One soldier dead, four others injured, following military vehicle accident at Fort Bragg

It is an inescapable fact that military service carries with it an inherent risk of injury or death, whether in combat or during training or even a random accident.

It was the risk of that third variety that claimed the life of one U.S. Army soldier and injured four others in a military vehicle accident at Fort Bragg in North Carolina Monday, the Washington Examiner reported.

The incident occurred shortly before 1 p.m. Monday afternoon but few details have been released yet, particularly the identities of those involved as the military is waiting to ensure that the deceased’s next-of-kin is notified first.

Fatal accident

One detail that is known is that the soldiers involved in the accident were part of the 16th Military Police Brigade, per a news release from a post spokesperson, according to the Army Times.

“This was a tough day here on Fort Bragg,” post spokesman Col. Joe Buccino said in a statement. “Our immediate thoughts right now are on the Family, the men and women of the 16th Military Police Brigade, and the injured Soldiers.”
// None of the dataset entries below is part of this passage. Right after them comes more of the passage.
Lemma attack_free_error_le {beta : {set 'I_ny} -> R -> nat -> R} :
    (forall J, classKL (beta J)) -> (forall J, P J -> UIO_gain (fJ J) (beta J)) ->
  forall x0 xh0 (u au : nat -> 'cV[R]_nu) (ay : nat -> 'cV[R]_ny) J e0 k,
    let x := traj f B x0 u au in
    let xh := obs (fJ J) xh0 u (outp h x ay) in
    P J -> J \subset ~: Wy ay -> enorm (xh 0%N - x 0%N) <= e0 ->
    enorm (xh k - x k) <= \sum_J' beta J' e0 k.
Proof.
move=> KLbeta gain x0 xh0 u au ay J e0 k x xh PJ J_free e0_ge.
have := gain J PJ x0 xh0 u au ay (fun k => subv_attack_free k J_free) k.
by move/le_trans; apply; apply: classKL_le_sum (enorm_ge0 _) e0_ge.
Qed.

End Observers.

Section Selection.
Context {R : realType} {n ny q k : nat} {TJ TS : R}.
Context {xhJ xhS : {set 'I_ny} -> nat -> 'cV[R]_n} {x : nat -> 'cV[R]_n}.
Variable W : {set 'I_ny}.
Hypothesis card_W : (ny - q <= #|W|)%N.
Hypothesis errJ : forall J : {set 'I_ny}, #|J| = (ny - q)%N -> J \subset W ->
  enorm (xhJ J k - x k) <= TJ.
Hypothesis errS : forall S : {set 'I_ny}, #|S| = (ny - 2 * q)%N -> S \subset W ->
  enorm (xhS S k - x k) <= TS.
“Anytime you lose a Soldier on-post in a situation outside of combat, it hurts,” he continued.

“It’s a tragic loss. There will be a time for investigating the cause and nature of this accident, but right now we’re focusing our attention on the troops and Families,” Buccino added, according to The Fayetteville Observer.
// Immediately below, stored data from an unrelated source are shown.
(* Let $\mathbf{Q}=(Q,Z,\cdot)$ be a finite automaton, $q\in Q$ and $a\in Z$. If the identity $\Gamma(\mathbf{Q},q)$ holds in a Conway category $\mathcal{C}$, then so does the identity $\Gamma(\mathbf{Q},qa)$.
   Context: Cartesian categories have chosen finite products (terminal object $T$, projections $\pi_i$, tupling $\langle\cdot\rangle$, $!_A:A\to T$, $f\times g$), strictly associative; composition is written $g\circ f$; $\Delta_{A^n}=\langle 1_A,\ldots,1_A\rangle:A\to A^n$. A dagger operation maps $f:A\times C\to A$ to $f^\dagger:C\to A$. A Conway category is a cartesian category with dagger satisfying: $(f\circ(1_A\times g))^\dagger=f^\dagger\circ g$ ($f:A\times B\to A$, $g:C\to B$); $f^{\dagger\dagger}=(f\circ(\Delta_{A^2}\times 1_C))^\dagger$ ($f:A\times A\times C\to A$); $(f\circ\langle g,\pi_2^{A\times C}\rangle)^\dagger=f\circ\langle (g\circ\langle f,\pi_2^{B\times C}\rangle)^\dagger,1_C\rangle$ ($f:B\times C\to A$, $g:A\times C\to B$). A finite automaton $\mathbf{Q}=(Q,Z,\cdot)$ has finite nonempty state set $Q$, finite nonempty input alphabet $Z$ and action $Q\times Z\to Q$, written $qa=q\cdot a$. Write $Q=\{q_1,\ldots,q_n\}$, identified with $\{1,\ldots,n\}$, and $Z=\{a_1,\ldots,a_m\}$. For an object $A$ and $i\in[n]$ let $\rho_i^{\mathbf{Q},A}=\langle\pi^{A^n}_{ia_1},\ldots,\pi^{A^n}_{ia_m}\rangle:A^n\to A^m$ ($ia_j$ is the index of $q_i\cdot a_j$). For $f:A^m\times C\to A$ let $f^{\mathbf{Q},A}:A^n\times C\to A^n$ have components $\pi_i^{A^n}\circ f^{\mathbf{Q},A}=f\circ(\rho_i^{\mathbf{Q},A}\times 1_C)$. For a state $q_i$, the identity $\Gamma(\mathbf{Q},q_i)$ holds in $\mathcal{C}$ if $\pi_i^{A^n}\circ(f^{\mathbf{Q},A})^\dagger=(f\circ(\Delta_{A^m}\times 1_C))^\dagger$ for all objects $A,C$ and all $f:A^m\times C\to A$. *)

From mathcomp Require Import all_boot.
Set Implicit Arguments.
Unset Strict Implicit.
Unset Printing Implicit Defensive.

Record CartCat := {
  ob : Type;
  hom : ob -> ob -> Type;
  idm : forall A, hom A A;
  comp : forall A B C, hom B C -> hom A B -> hom A C;   (* comp g f = g o f *)
  comp_idl : forall A B (f : hom A B), comp (idm B) f = f;
  comp_idr : forall A B (f : hom A B), comp f (idm A) = f;
  comp_assoc : forall A B C D (h : hom C D) (g : hom B C) (f : hom A B),
      comp h (comp g f) = comp (comp h g) f;
  term : ob;
  bang : forall A, hom A term;
  bang_uniq : forall A (f : hom A term), f = bang A;
  prod : ob -> ob -> ob;
  pi1 : forall A B, hom (prod A B) A;
  pi2 : forall A B, hom (prod A B) B;
  pair : forall C A B, hom C A -> hom C B -> hom C (prod A B);
  pi1_pair : forall C A B (f : hom C A) (g : hom C B), comp (pi1 A B) (pair f g) = f;
  pi2_pair : forall C A B (f : hom C A) (g : hom C B), comp (pi2 A B) (pair f g) = g;
  pair_eta : forall C A B (h : hom C (prod A B)),
      pair (comp (pi1 A B) h) (comp (pi2 A B) h) = h
}.

Arguments idm {c} A.
Arguments comp {c A B C}.
Arguments bang {c} A.
Arguments pi1 {c} A B.
Arguments pi2 {c} A B.
Arguments pair {c C A B}.

Section Derived.
Variable X : CartCat.

Definition pmap (A B A' B' : ob X) (f : hom A A') (g : hom B B') :
    hom (prod A B) (prod A' B') :=
  pair (comp f (pi1 A B)) (comp g (pi2 A B)).

Definition assoc (A B C : ob X) : hom (prod (prod A B) C) (prod A (prod B C)) :=
  pair (comp (pi1 A B) (pi1 _ C))
       (pair (comp (pi2 A B) (pi1 _ C)) (pi2 _ C)).

(* powS A k = A^(k+1), right-nested: A^1 = A, A^(k+2) = A x A^(k+1) *)
Fixpoint powS (A : ob X) (k : nat) : ob X :=
  match k with 0 => A | k'.+1 => prod A (powS A k') end.

(* the i-th projection A^(k+1) -> A (indices from 0; only used for i <= k) *)
Fixpoint projS (A : ob X) (k : nat) (i : nat) : hom (powS A k) A :=
  match k return hom (powS A k) A with
  | 0 => idm A
  | k'.+1 => match i with
             | 0 => pi1 A (powS A k')
             | j.+1 => comp (projS A k' j) (pi2 A (powS A k'))
             end
  end.

Fixpoint tupS (C A : ob X) (k : nat) (fs : nat -> hom C A) : hom C (powS A k) :=
  match k return hom C (powS A k) with
  | 0 => fs 0
  | k'.+1 => pair (fs 0) (tupS k' (fun j => fs j.+1))
  end.

Definition diagS (A : ob X) (k : nat) : hom A (powS A k) :=
  tupS k (fun _ => idm A).

End Derived.

Record ConwayCat := {
  ccat :> CartCat;
  dagger : forall (A C : ob ccat), hom (prod A C) A -> hom C A;
  conway_param : forall (A B C : ob ccat) (f : hom (prod A B) A) (g : hom C B),
      dagger (comp f (pmap (idm A) g)) = comp (dagger f) g;
  conway_double : forall (A C : ob ccat) (f : hom (prod A (prod A C)) A),
      dagger (dagger f) =
      dagger (comp f (comp (assoc A A C) (pmap (diagS A 1) (idm C))));
  conway_comp : forall (A B C : ob ccat) (f : hom (prod B C) A) (g : hom (prod A C) B),
      dagger (comp f (pair g (pi2 A C))) =
      comp f (pair (dagger (comp g (pair f (pi2 B C)))) (idm C))
}.

Arguments dagger {c A C}.

(* Finite automata: states 'I_n.+1 (= q_1..q_{n+1}), inputs 'I_m.+1,    *)
Section Gamma.
Variables (X : ConwayCat) (n m : nat) (delta : 'I_n.+1 -> 'I_m.+1 -> 'I_n.+1).

Definition rho (A : ob X) (i : nat) : hom (powS A n) (powS A m) :=
  tupS m (fun j => projS A n (delta (inord i) (inord j))).

Definition fQ (A C : ob X) (f : hom (prod (powS A m) C) A) :
    hom (prod (powS A n) C) (powS A n) :=
  tupS n (fun i => comp f (pmap (rho A i) (idm C))).

Definition Gamma (q : 'I_n.+1) : Prop :=
  forall (A C : ob X) (f : hom (prod (powS A m) C) A),
    comp (projS A n q) (dagger (fQ f)) =
    dagger (comp f (pmap (diagS A m) (idm C))).

End Gamma.

From Pilot Require Import Defs.
From mathcomp Require Import all_boot.

(* Apply Gamma(Q, q) at the object A x A to F = <f, pi_a o pi1> o (pi1^m x 1),
   which runs f on first components and copies the first component of the
   a-th input.  The composition identity, in the form
   (h o (k x 1))^+ = h o <(k o h)^+, 1>, gives that the q-th component of
   (F^Q)^+ is <f o (rho_q x 1), pi_(qa) o pi1> o <(f^Q)^+, 1> and that
   (F o (Delta x 1))^+ is <f o (Delta x 1), pi1> o <(f o (Delta x 1))^+, 1>.
   Comparing second coordinates yields Gamma(Q, qa). *)

Local Notation pmap := Defs.pmap.
Local Notation "g ∘ f" := (Defs.comp g f) (at level 40, left associativity).

Arguments comp_assoc {c A B C D}.
Arguments comp_idl {c A B}.
Arguments comp_idr {c A B}.
Arguments pi1_pair {c C A B}.
Arguments pi2_pair {c C A B}.
Arguments pair_eta {c C A B}.

Section Cartesian.
Variable X : CartCat.
Implicit Types A B C D : ob X.

Lemma pair_ext C A B (u v : hom C (prod A B)) :
  pi1 A B ∘ u = pi1 A B ∘ v -> pi2 A B ∘ u = pi2 A B ∘ v -> u = v.
Proof. by move=> h1 h2; rewrite -(pair_eta u) -(pair_eta v) h1 h2. Qed.

Lemma pair_comp D C A B (f : hom C A) (g : hom C B) (h : hom D C) :
  pair f g ∘ h = pair (f ∘ h) (g ∘ h).
Proof. by apply: pair_ext; rewrite comp_assoc ?pi1_pair ?pi2_pair. Qed.

Lemma pmap_pair D A B A' B' (f : hom A A') (g : hom B B') (h : hom D A)
    (k : hom D B) :
  pmap f g ∘ pair h k = pair (f ∘ h) (g ∘ k).
Proof. by rewrite /Defs.pmap pair_comp -!comp_assoc pi1_pair pi2_pair. Qed.

Lemma pmap_comp A B A' B' A'' B'' (f : hom A' A'') (g : hom B' B'')
    (f' : hom A A') (g' : hom B B') :
  pmap f g ∘ pmap f' g' = pmap (f ∘ f') (g ∘ g').
Proof. by rewrite {2}/Defs.pmap pmap_pair /Defs.pmap !comp_assoc. Qed.

Lemma pi1_pmap A B A' B' (f : hom A A') (g : hom B B') :
  pi1 A' B' ∘ pmap f g = f ∘ pi1 A B.
Proof. exact: pi1_pair. Qed.

Lemma tupS_comp D C A k (fs : nat -> hom C A) (h : hom D C) :
  tupS k fs ∘ h = tupS k (fun j => fs j ∘ h).
Proof. by elim: k fs => [|k IH] fs //=; rewrite pair_comp IH. Qed.

Lemma projS_tupS C A k j (fs : nat -> hom C A) :
  j <= k -> projS A k j ∘ tupS k fs = fs j.
Proof.
elim: k j fs => [|k IH] [|j] fs //= hj.
- by rewrite comp_idl.
- by rewrite pi1_pair.
- by rewrite -comp_assoc pi2_pair IH.
Qed.

Lemma eq_tupS C A k (fs gs : nat -> hom C A) :
  (forall j, j <= k -> fs j = gs j) -> tupS k fs = tupS k gs.
Proof.
elim: k fs gs => [|k IH] fs gs h /=; first exact: h.
by rewrite (h 0) // (IH (fun j => fs j.+1) (fun j => gs j.+1)) // => j hj; exact: h.
Qed.

Definition powmap {B A} k (h : hom B A) : hom (powS B k) (powS A k) :=
  tupS k (fun j => h ∘ projS B k j).

Lemma projS_powmap B A k j (h : hom B A) :
  j <= k -> projS A k j ∘ powmap k h = h ∘ projS B k j.
Proof. exact: projS_tupS. Qed.

Lemma powmap_tupS C B A k (h : hom B A) (fs : nat -> hom C B) :
  powmap k h ∘ tupS k fs = tupS k (fun j => h ∘ fs j).
Proof.
rewrite tupS_comp; apply: eq_tupS => j hj.
by rewrite -comp_assoc projS_tupS.
Qed.

Lemma powmap_diagS B A k (h : hom B A) :
  powmap k h ∘ diagS B k = diagS A k ∘ h.
Proof.
rewrite powmap_tupS /diagS tupS_comp; apply: eq_tupS => j _.
by rewrite comp_idr comp_idl.
Qed.

End Cartesian.

Arguments powmap {X B A}.

Lemma dagger_comp_pmap (X : ConwayCat) (A B C : ob X) (h : hom (prod B C) A)
    (k : hom A B) :
  dagger (h ∘ pmap k (idm C)) = h ∘ pair (dagger (k ∘ h)) (idm C).
Proof.
have -> : pmap k (idm C) = pair (k ∘ pi1 A C) (pi2 A C) by rewrite /Defs.pmap comp_idl.
by rewrite conway_comp -comp_assoc pi1_pair.
Qed.

Section Automaton.
Variables (X : ConwayCat) (n m : nat) (delta : 'I_n.+1 -> 'I_m.+1 -> 'I_n.+1).

Lemma projS_rho (A : ob X) (i : nat) (a : 'I_m.+1) :
  projS A m a ∘ rho delta A i = projS A n (delta (inord i) a).
Proof. by rewrite projS_tupS ?inord_val // -ltnS. Qed.

Lemma powmap_rho (B A : ob X) (h : hom B A) (i : nat) :
  powmap m h ∘ rho delta B i = rho delta A i ∘ powmap n h.
Proof.
rewrite powmap_tupS /rho tupS_comp; apply: eq_tupS => j _.
by rewrite projS_powmap // -ltnS.
Qed.

Lemma fQ_comp_powmap (B A C : ob X) (h : hom B A)
    (H : hom (prod (powS A m) C) B) :
  fQ delta (H ∘ pmap (powmap m h) (idm C)) =
  tupS n (fun i => H ∘ pmap (rho delta A i) (idm C)) ∘ pmap (powmap n h) (idm C).
Proof.
rewrite /fQ tupS_comp; apply: eq_tupS => i _.
by rewrite -!comp_assoc !pmap_comp powmap_rho comp_idl.
Qed.

End Automaton.

Theorem lemma4p3 (X : ConwayCat) (n m : nat)
    (delta : 'I_n.+1 -> 'I_m.+1 -> 'I_n.+1) (q : 'I_n.+1) (a : 'I_m.+1) :
  Gamma X delta q -> Gamma X delta (delta q a).
Proof.
move=> Gamma_q A C f.
pose H := pair f (projS A m a ∘ pi1 _ C).
pose K i := H ∘ pmap (rho delta A i) (idm C).
pose F := H ∘ pmap (powmap m (pi1 A A)) (idm C).
have dagger_fQ_F : dagger (fQ delta F) = tupS n K ∘ pair (dagger (fQ delta f)) (idm C).
  rewrite fQ_comp_powmap dagger_comp_pmap powmap_tupS; do 3 f_equal.
  by apply: eq_tupS => i _; rewrite comp_assoc pi1_pair.
have dagger_F_diag : dagger (F ∘ pmap (diagS _ m) (idm C)) =
    H ∘ pmap (diagS A m) (idm C) ∘ pair (dagger (f ∘ pmap (diagS A m) (idm C))) (idm C).
  have -> : F ∘ pmap (diagS _ m) (idm C) = H ∘ pmap (diagS A m) (idm C) ∘ pmap (pi1 A A) (idm C).
    by rewrite -!comp_assoc !pmap_comp powmap_diagS.
  by rewrite dagger_comp_pmap comp_assoc pi1_pair.
have pi2_H B (h : hom B (powS A m)) :
    pi2 A A ∘ H ∘ pmap h (idm C) = projS A m a ∘ h ∘ pi1 B C.
  by rewrite pi2_pair -comp_assoc pi1_pmap comp_assoc.
move: (Gamma_q (prod A A) C F); rewrite dagger_fQ_F dagger_F_diag.
move/(f_equal (Defs.comp (pi2 A A))).
rewrite [projS _ n q ∘ _]comp_assoc projS_tupS ?leq_ord //.
rewrite !comp_assoc !pi2_H projS_rho inord_val /diagS projS_tupS ?leq_ord //.
by rewrite -!comp_assoc !pi1_pair comp_idl.
Qed.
The Observer noted that this was actually the second fatal military vehicle accident at Fort Bragg in the past four months.

That incident in June left two soldiers injured and resulted in the death of Army Cpl. Mojave Littlejohn when the vehicle they were traveling in en route to a training exercise was involved in a wreck.

Scarce details reported that while details were scarce, it was known that the military vehicle accident involved a Humvee and that it occurred amid an ongoing debate in Congress about improving safety standards for such military vehicles.

That consideration of legislation stems from a Government Accountability Office (GAO) report in July regarding the number of non-combat-related military vehicle incidents between 2010 and 2019 across the U.S. Army and the U.S. Marine Corps.

Congress will likely add various provisions to the next Defense spending bill authorizing and funding measures dealing with improved vehicle safety, driver training, and greater accountability and transparency by an investigative review board following such incidents.